Ensure Docker is installed on your system. For installation instructions, please visit the official guide.
DevBench offers two versions of Docker images: the base version and the complete version. Select the appropriate version based on your requirements:
Tag | dep. for DevBench utilities and baseline system | dep. for Python repos | dep. for C++/Java/JS repos |
---|---|---|---|
base | ✅ | ❌ | ❌ |
complete | ✅ | ✅ | ❌ |
-
Base Version: Ideal for evaluating environment setup tasks, this version provides a clean and initial setting with essential tools. It is tailored for scenarios where a clean, minimal environment is crucial. It includes:
- Core dependencies for DevBench utilities and the baseline system.
- Key utilities such as compilers (gcc, g++ 11), GoogleTest, Java 14, Python 3.11, node.js, cmake, and MiniConda.
- Specific third-party tools for C++, JS, and Java repositories, like Redis for Java redis-cache and Sqlite for the C++ database management repository.

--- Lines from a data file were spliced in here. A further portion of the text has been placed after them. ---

(* Let $C=\ln 4/(\ln 4-1)\approx 3.588$. Let $\delta$ be a positive integer and let $G$ be a graph on $n$ vertices with minimum degree at least $\delta$, where $n\ge (C-1)\delta^2+(3C-1)\delta+2$. Then either $G=K_{\delta,n-\delta}$ or $i(G)<i(K_{\delta,n-\delta})$.
   Context: Graphs are simple, loopless and finite. $i(G)$ denotes the total number of independent sets in $G$ (including the empty set). $K_{a,b}$ is the complete bipartite graph with $a$ vertices in one part and $b$ in the other. *)

From mathcomp Require Import all_boot.
From Stdlib Require Import Reals.
Set Implicit Arguments. Unset Strict Implicit. Unset Printing Implicit Defensive.

Definition simple_graph (T : finType) (e : rel T) : Prop :=
  symmetric e /\ irreflexive e.

Definition indep (T : finType) (e : rel T) (S : {set T}) : bool :=
  [forall x in S, forall y in S, ~~ e x y].

Definition num_indep (T : finType) (e : rel T) : nat :=
  #|[set S : {set T} | indep e S]|.

Definition min_deg_ge (T : finType) (e : rel T) (d : nat) : Prop :=
  forall x : T, d <= #|[set y | e x y]|.

Definition Kab_rel (a b : nat) : rel ('I_a + 'I_b)%type :=
  fun u v => match u, v with
             | inl _, inr _ => true
             | inr _, inl _ => true
             | _, _ => false
             end.

Definition graph_iso (T T' : finType) (e : rel T) (e' : rel T') : Prop :=
  exists f : T -> T', bijective f /\ forall x y, e' (f x) (f y) = e x y.

Definition Cconst : R := (ln 4 / (ln 4 - 1))%R.

Definition n_large (n d : nat) : Prop :=
  (INR n >= (Cconst - 1) * INR d ^ 2 + (3 * Cconst - 1) * INR d + 2)%R.

(* Call x a witness if deg x = d and the non-neighbours of x are independent.
   Given a witness, every y outside N(x) has N(y) included in N(x) and
   |N(y)| >= d = |N(x)|, so N(y) = N(x): G is K_{d,n-d} plus possibly some
   edges inside N(x). If there are such edges, every independent set lies on
   one side and N(x) itself is no longer independent, so i(G) <= 2^(n-d) + 2^d - 2.
   Without a witness, an independent (j+1)-set through x is x plus a j-subset
   of the non-neighbours H(x), where |H(x)| <= M = n - d - 1, and when
   |H(x)| = M the set H(x) contains an edge uv, whose two ends cannot both be
   chosen. Double counting over x gives M(M-1) i_{j+1} <= n C(M,j+1) (M-1+j),
   and summing over j yields i(G) <= 2^(n-d) as soon as n >= 4d + 5, which is
   all that the hypothesis on n is used for. *)

From mathcomp Require Import all_boot zify.
From Stdlib Require Import Reals Lra.
(* Reals re-exports Stdlib's [_ ^ _] on nat; restore ssrnat's [expn]. *)
Import ssrnat.

Set Implicit Arguments.
Unset Strict Implicit.
Unset Printing Implicit Defensive.

Lemma n_large_ge n d : 0 < d -> n_large n d -> 4 * d + 5 <= n.
Proof.
move=> d_gt0; rewrite /n_large /Cconst => n_ge.
have ln4_gt1 : (1 < ln 4)%R.
  have := exp_le_3; rewrite -[X in (X < _)%R]ln_exp => e_le3.
  apply: ln_increasing; [exact: exp_pos | lra].
have ln4_lt2 : (ln 4 < 2)%R.
  have e_gt2 : (2 < exp 1)%R by have := exp_ineq1 1 ltac:(lra); lra.
  rewrite -[X in (_ < X)%R]ln_exp; apply: ln_increasing; first lra.
  have -> : (2 = 1 + 1)%R by lra.
  rewrite exp_plus; nra.
set L := ln 4 in ln4_gt1 ln4_lt2 n_ge.
have C_gt2 : (2 < L / (L - 1))%R.
  have C_mul : (L / (L - 1) * (L - 1) = L)%R by field; lra.
  nra.
have d_ge1 : (1 <= INR d)%R by apply: (le_INR 1); apply/leP.
have : (INR (4 * d + 4) < INR n)%R by rewrite plus_INR mult_INR /=; nra.
by move/INR_lt/ltP; lia.
Qed.

Section SetsBySize.
Variable U : finType.

Lemma sum_card_size_eq (P : {set {set U}}) K :
  \sum_(k < K) #|[set S in P | #|S| == k]| = \sum_(S in P) (#|S| < K).
Proof.
have count_eq a : \sum_(k < K) (a == k :> nat) = (a < K).
  elim: K => [|K IH]; first by rewrite big_ord0.
  by rewrite big_ord_recr /= IH ltnS (leq_eqVlt a K); case: ltngtP.
transitivity (\sum_(k < K) \sum_(S in P) (#|S| == k)).
  apply: eq_bigr => k _; rewrite -sum1_card big_mkcond [in RHS]big_mkcond /=.
  by apply: eq_bigr => S _; rewrite !inE; case: (S \in P); case: (#|S| == k).
by rewrite exchange_big /=; apply: eq_bigr => S _; exact: count_eq.
Qed.

Lemma sum_card_size_le (P : {set {set U}}) K :
  \sum_(k < K) #|[set S in P | #|S| == k]| <= #|P|.
Proof.
by rewrite sum_card_size_eq -sum1_card; apply: leq_sum => S _; case: (_ < _).
Qed.

Lemma sum_card_size (P : {set {set U}}) :
  \sum_(k < #|U|.+1) #|[set S in P | #|S| == k]| = #|P|.
Proof.
by rewrite sum_card_size_eq -sum1_card; apply: eq_bigr => S _; rewrite ltnS max_card.
Qed.

Lemma card_extensions_le (F : {set {set U}}) (Y B : {set U}) j :
  (forall S, S \in F -> [/\ Y \subset S, S :\: Y \subset B & #|S| = j + #|Y|]) ->
  #|F| <= 'C(#|B|, j).
Proof.
move=> FP; have setDK (S : {set U}) : Y \subset S -> Y :|: S :\: Y = S.
  by move=> YS; rewrite -{2}(setID S Y) (setIidPr YS).
rewrite -(@card_in_imset _ _ (fun S => S :\: Y)); last first.
  by move=> S1 S2 /FP[Y1 _ _] /FP[Y2 _ _] E; rewrite -(setDK _ Y1) -(setDK _ Y2) E.
rewrite -cards_draws; apply: subset_leq_card; apply/subsetP => _ /imsetP[S /FP[YS SB cS] ->].
by rewrite inE SB cardsD (setIidPr YS) cS addnK eqxx.
Qed.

- Essential packages to operate the baseline agent system efficiently.
-
Complete Version: Recommended for implementation and testing tasks, it encompasses everything in the base version plus:
- Comprehensive dependencies for all Python repositories, facilitating a seamless development experience without the hassle of manual dependency management.
Note: Our evaluation of environment setup primarily targets Python and JavaScript projects. We've chosen to concentrate on these languages because they have well-established tools for package management, unlike C++. C++ lacks a universally accepted package manager, which makes standardized environment setup challenging. In contrast, Java projects often incorporate their own comprehensive build and package management systems, commonly utilizing scripts like Gradle. Therefore, our environment setup process is less relevant to Java projects. Instead, for Java, we integrate the environment setup evaluation with the implementation phase. During this combined phase, the model or agent is required to execute a complete Gradle script, which includes all necessary dependency listings and build instructions.
This structured approach ensures that developers can choose the most suitable environment, enhancing their efficiency and the overall development workflow.
- Base image:
cd docker/base
docker build -t $IMAGE_NAME:$VERSION .
- Complete image:
cd docker/complete
docker build -t $IMAGE_NAME:$VERSION .
Alternatively, you can pull the pre-built images from docker hub.
- Base image.
docker pull elyndendu/devbench:base
- Complete image.
docker pull elyndendu/devbench:complete
To use nvidia GPUs within Docker, install the nvidia container toolkit by following these steps:
curl -s -L https://nvidia.github.io/nvidia-docker/gpgkey | sudo apt-key add -
distribution=$(. /etc/os-release;echo $ID$VERSION_ID)
curl -s -L https://nvidia.github.io/nvidia-docker/$distribution/nvidia-docker.list | sudo tee /etc/apt/sources.list.d/nvidia-docker.list
sudo apt-get update
sudo apt-get install -y nvidia-container-toolkit
To create a container with nvidia GPU support:
docker run -it --gpus all --name $CONTAINER_NAME -e NVIDIA_DRIVER_CAPABILITIES=compute,utility -e NVIDIA_VISIBLE_DEVICES=all $IMAGE_NAME:$VERSION bash
For a standard setup without GPU support:
docker run -it --name $CONTAINER_NAME devbench:$VERSION bash
git clone [email protected]:open-compass/DevBench.git
Run unit and acceptance tests for each repo as per the instructions in the repo_config.json
in repo_config.json
found in benchmark_data
.
For example, for the repo ./benchmark_data/python/readtime
, a fragment of repo_config.json
is shown as follows:
{
"unit_test_script": "pytest --cov=. --cov-report=json:unit_test_cov.json --json-report --json-report-file=unit_test_report.json unit_tests",
"acceptance_test_script": "pytest --cov=. --cov-report=json:acceptance_test_cov.json --json-report --json-report-file=acceptance_test_report.json acceptance_tests",
}
If tests fail due to network issues, simply retry.